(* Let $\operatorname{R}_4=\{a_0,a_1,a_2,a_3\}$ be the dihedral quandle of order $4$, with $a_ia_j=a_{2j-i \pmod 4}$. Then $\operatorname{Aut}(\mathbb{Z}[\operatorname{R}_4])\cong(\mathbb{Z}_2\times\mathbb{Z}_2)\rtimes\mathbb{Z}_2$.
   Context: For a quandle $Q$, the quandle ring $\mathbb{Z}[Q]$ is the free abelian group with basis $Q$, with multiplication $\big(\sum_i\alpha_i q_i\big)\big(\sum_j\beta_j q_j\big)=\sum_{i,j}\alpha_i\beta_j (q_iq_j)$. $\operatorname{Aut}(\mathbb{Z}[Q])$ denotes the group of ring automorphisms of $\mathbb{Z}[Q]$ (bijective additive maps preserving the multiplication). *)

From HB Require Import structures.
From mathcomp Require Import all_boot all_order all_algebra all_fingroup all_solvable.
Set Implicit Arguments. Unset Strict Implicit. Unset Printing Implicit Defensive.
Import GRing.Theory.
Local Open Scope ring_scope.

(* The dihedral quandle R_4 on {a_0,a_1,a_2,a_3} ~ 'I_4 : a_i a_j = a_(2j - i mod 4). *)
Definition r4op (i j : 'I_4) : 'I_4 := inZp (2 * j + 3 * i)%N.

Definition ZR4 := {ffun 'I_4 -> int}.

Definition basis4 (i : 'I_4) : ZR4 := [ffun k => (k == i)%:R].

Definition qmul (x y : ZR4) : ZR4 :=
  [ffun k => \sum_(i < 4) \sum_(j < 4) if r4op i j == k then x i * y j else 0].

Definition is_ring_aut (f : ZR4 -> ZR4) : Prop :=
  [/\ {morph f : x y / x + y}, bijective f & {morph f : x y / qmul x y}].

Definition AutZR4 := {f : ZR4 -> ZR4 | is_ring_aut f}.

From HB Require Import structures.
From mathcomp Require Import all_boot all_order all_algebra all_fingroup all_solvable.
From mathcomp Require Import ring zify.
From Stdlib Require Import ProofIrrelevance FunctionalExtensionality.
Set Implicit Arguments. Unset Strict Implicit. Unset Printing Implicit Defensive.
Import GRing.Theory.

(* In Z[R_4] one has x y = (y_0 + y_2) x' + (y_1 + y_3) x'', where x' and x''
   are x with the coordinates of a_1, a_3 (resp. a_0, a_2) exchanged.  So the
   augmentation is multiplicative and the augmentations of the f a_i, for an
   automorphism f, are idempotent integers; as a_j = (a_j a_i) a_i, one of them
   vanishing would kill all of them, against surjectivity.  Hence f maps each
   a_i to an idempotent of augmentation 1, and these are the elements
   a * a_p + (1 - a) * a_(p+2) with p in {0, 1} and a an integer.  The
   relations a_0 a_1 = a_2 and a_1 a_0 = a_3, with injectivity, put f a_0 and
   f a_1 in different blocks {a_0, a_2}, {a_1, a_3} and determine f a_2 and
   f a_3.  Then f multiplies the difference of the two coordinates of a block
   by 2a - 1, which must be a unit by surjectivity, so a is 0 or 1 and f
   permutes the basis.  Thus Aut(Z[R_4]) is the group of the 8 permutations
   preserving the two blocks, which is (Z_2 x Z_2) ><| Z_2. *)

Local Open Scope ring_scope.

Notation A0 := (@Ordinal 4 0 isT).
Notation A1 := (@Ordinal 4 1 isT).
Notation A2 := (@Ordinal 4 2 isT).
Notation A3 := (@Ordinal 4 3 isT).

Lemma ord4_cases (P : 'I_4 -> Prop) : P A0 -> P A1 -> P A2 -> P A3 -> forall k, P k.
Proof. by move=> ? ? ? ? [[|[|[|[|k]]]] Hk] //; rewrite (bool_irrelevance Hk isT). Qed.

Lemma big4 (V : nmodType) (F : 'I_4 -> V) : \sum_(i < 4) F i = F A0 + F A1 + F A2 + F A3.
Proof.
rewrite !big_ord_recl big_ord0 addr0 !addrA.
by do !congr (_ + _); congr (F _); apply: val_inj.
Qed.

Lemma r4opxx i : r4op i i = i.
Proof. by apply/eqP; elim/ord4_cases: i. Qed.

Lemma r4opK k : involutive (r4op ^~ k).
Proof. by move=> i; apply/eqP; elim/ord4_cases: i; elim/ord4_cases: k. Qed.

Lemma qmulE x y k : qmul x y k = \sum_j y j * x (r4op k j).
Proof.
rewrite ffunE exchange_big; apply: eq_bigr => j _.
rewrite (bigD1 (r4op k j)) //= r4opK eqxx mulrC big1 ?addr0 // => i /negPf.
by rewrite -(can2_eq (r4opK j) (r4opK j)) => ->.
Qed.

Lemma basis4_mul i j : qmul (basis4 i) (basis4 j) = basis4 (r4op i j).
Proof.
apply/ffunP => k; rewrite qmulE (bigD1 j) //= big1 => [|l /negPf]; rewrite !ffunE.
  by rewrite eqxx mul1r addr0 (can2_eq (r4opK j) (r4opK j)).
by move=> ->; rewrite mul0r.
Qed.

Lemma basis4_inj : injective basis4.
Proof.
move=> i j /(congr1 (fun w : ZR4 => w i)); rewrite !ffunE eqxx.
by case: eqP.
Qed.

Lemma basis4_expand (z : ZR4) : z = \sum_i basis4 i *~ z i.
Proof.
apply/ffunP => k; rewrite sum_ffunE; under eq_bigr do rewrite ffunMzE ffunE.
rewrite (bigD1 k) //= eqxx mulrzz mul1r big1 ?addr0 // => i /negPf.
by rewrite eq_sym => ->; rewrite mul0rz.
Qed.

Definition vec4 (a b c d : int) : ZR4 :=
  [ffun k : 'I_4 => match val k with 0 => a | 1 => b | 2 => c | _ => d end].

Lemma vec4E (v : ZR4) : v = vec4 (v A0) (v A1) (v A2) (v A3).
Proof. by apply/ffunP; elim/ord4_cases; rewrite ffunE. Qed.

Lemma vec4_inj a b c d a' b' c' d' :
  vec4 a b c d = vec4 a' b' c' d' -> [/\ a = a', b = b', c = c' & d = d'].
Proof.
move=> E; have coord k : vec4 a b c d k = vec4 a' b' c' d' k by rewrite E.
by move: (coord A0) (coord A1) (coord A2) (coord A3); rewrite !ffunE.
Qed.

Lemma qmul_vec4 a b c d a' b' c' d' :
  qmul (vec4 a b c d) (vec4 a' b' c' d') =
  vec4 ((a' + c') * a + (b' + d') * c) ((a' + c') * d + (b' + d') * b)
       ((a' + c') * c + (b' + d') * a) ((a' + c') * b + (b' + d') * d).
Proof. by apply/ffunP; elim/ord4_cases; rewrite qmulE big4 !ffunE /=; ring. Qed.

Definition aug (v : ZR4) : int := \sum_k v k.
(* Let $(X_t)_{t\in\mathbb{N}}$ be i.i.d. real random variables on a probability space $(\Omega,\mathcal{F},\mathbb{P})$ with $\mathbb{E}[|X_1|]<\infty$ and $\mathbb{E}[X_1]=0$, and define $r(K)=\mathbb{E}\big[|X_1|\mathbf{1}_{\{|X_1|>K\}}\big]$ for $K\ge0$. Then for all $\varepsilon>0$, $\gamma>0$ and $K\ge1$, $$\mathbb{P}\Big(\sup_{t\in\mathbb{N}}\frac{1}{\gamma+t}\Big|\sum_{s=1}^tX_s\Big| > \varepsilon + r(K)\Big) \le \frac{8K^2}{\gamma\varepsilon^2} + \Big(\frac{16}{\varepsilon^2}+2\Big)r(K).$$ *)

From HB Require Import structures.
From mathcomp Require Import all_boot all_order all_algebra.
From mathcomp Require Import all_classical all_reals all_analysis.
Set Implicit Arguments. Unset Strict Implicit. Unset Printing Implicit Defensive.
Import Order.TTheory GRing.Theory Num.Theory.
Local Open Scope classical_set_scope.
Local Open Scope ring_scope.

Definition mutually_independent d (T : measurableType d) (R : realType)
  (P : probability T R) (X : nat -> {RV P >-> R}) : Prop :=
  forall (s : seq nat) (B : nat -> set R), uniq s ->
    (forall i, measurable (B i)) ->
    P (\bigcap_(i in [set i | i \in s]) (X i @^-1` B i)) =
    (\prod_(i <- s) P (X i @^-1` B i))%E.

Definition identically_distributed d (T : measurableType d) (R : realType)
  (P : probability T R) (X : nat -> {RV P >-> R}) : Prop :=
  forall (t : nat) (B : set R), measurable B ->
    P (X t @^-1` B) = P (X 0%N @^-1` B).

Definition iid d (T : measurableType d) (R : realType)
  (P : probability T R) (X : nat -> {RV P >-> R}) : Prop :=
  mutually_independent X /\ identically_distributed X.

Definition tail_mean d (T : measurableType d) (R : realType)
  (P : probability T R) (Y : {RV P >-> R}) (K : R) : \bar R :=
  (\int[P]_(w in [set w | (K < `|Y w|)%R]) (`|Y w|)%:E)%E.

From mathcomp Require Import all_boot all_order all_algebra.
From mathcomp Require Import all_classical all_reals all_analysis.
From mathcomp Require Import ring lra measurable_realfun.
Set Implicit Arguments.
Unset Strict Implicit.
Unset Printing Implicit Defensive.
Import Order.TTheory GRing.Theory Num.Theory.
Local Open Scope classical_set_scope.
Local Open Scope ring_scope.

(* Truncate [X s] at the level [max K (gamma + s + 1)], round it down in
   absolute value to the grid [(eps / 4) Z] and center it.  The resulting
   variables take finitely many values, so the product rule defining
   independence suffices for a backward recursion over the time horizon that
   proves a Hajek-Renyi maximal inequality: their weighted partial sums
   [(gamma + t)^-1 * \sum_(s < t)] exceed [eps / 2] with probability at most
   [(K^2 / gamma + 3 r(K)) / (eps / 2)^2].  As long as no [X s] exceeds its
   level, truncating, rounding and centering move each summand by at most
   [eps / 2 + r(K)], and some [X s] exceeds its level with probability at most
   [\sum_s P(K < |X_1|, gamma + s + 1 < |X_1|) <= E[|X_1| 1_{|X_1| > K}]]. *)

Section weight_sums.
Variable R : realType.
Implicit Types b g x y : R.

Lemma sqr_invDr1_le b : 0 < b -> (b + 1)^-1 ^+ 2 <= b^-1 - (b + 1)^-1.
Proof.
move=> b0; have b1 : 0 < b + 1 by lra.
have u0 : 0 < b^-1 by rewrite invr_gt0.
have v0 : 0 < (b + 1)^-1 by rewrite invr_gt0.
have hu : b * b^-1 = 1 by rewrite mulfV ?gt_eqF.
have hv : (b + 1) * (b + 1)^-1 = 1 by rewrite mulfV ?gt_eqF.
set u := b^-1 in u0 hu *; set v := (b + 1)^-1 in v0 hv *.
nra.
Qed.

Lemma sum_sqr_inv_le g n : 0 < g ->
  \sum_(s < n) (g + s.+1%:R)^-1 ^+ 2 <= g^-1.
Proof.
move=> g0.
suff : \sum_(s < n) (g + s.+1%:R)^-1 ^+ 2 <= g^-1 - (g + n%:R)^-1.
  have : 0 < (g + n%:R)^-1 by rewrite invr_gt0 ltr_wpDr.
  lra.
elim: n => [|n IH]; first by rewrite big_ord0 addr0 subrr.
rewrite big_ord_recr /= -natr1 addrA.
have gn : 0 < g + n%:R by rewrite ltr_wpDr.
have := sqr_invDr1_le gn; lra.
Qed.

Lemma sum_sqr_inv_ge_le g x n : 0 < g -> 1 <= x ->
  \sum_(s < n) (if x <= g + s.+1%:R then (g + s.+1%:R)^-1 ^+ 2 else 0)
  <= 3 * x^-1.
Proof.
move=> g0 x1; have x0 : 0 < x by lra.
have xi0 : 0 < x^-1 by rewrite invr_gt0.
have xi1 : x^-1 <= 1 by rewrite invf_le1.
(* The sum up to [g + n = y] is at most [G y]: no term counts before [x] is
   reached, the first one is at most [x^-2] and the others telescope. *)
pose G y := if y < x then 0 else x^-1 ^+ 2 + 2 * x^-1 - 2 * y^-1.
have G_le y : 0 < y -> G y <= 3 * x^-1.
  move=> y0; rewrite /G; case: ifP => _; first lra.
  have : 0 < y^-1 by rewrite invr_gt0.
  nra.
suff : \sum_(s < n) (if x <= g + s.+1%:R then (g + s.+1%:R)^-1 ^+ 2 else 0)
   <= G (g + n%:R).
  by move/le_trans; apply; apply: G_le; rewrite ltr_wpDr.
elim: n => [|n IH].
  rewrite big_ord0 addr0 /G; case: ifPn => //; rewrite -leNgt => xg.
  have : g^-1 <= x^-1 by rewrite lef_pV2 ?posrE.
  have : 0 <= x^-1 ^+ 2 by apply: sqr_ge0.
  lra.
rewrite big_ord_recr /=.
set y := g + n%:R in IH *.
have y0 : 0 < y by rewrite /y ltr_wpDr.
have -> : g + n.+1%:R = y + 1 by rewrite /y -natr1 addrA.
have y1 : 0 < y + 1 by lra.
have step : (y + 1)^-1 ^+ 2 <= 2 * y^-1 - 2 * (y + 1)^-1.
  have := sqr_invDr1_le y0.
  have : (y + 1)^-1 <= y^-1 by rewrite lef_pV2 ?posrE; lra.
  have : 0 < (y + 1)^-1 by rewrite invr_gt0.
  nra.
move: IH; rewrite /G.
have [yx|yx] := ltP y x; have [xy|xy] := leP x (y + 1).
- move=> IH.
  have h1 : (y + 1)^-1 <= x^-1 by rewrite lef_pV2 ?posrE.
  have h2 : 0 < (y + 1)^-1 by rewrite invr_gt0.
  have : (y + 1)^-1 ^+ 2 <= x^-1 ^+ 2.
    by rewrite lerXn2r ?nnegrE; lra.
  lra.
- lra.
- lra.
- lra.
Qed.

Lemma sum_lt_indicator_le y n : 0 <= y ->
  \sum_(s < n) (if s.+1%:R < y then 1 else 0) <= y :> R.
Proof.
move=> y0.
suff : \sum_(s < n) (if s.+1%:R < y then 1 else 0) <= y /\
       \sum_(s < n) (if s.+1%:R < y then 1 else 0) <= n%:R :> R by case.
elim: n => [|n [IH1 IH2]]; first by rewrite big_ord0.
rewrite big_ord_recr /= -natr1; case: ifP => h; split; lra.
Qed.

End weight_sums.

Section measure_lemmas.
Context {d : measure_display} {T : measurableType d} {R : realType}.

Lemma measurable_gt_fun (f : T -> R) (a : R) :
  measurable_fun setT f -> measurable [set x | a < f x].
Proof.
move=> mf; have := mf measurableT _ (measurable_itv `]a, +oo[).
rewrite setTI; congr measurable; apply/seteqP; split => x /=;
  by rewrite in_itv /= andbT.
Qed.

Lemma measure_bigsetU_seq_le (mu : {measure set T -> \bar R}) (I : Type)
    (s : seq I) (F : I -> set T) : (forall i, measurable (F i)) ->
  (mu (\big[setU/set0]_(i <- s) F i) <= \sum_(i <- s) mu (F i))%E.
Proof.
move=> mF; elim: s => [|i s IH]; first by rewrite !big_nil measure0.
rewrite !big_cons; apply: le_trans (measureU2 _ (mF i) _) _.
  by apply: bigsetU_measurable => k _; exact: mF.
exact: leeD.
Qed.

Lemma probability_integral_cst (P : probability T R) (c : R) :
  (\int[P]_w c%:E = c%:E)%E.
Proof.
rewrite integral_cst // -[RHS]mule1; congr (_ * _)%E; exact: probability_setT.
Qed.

================================

Report only the number of lines above that contain "addrA".

- **ANSWER BOX**
3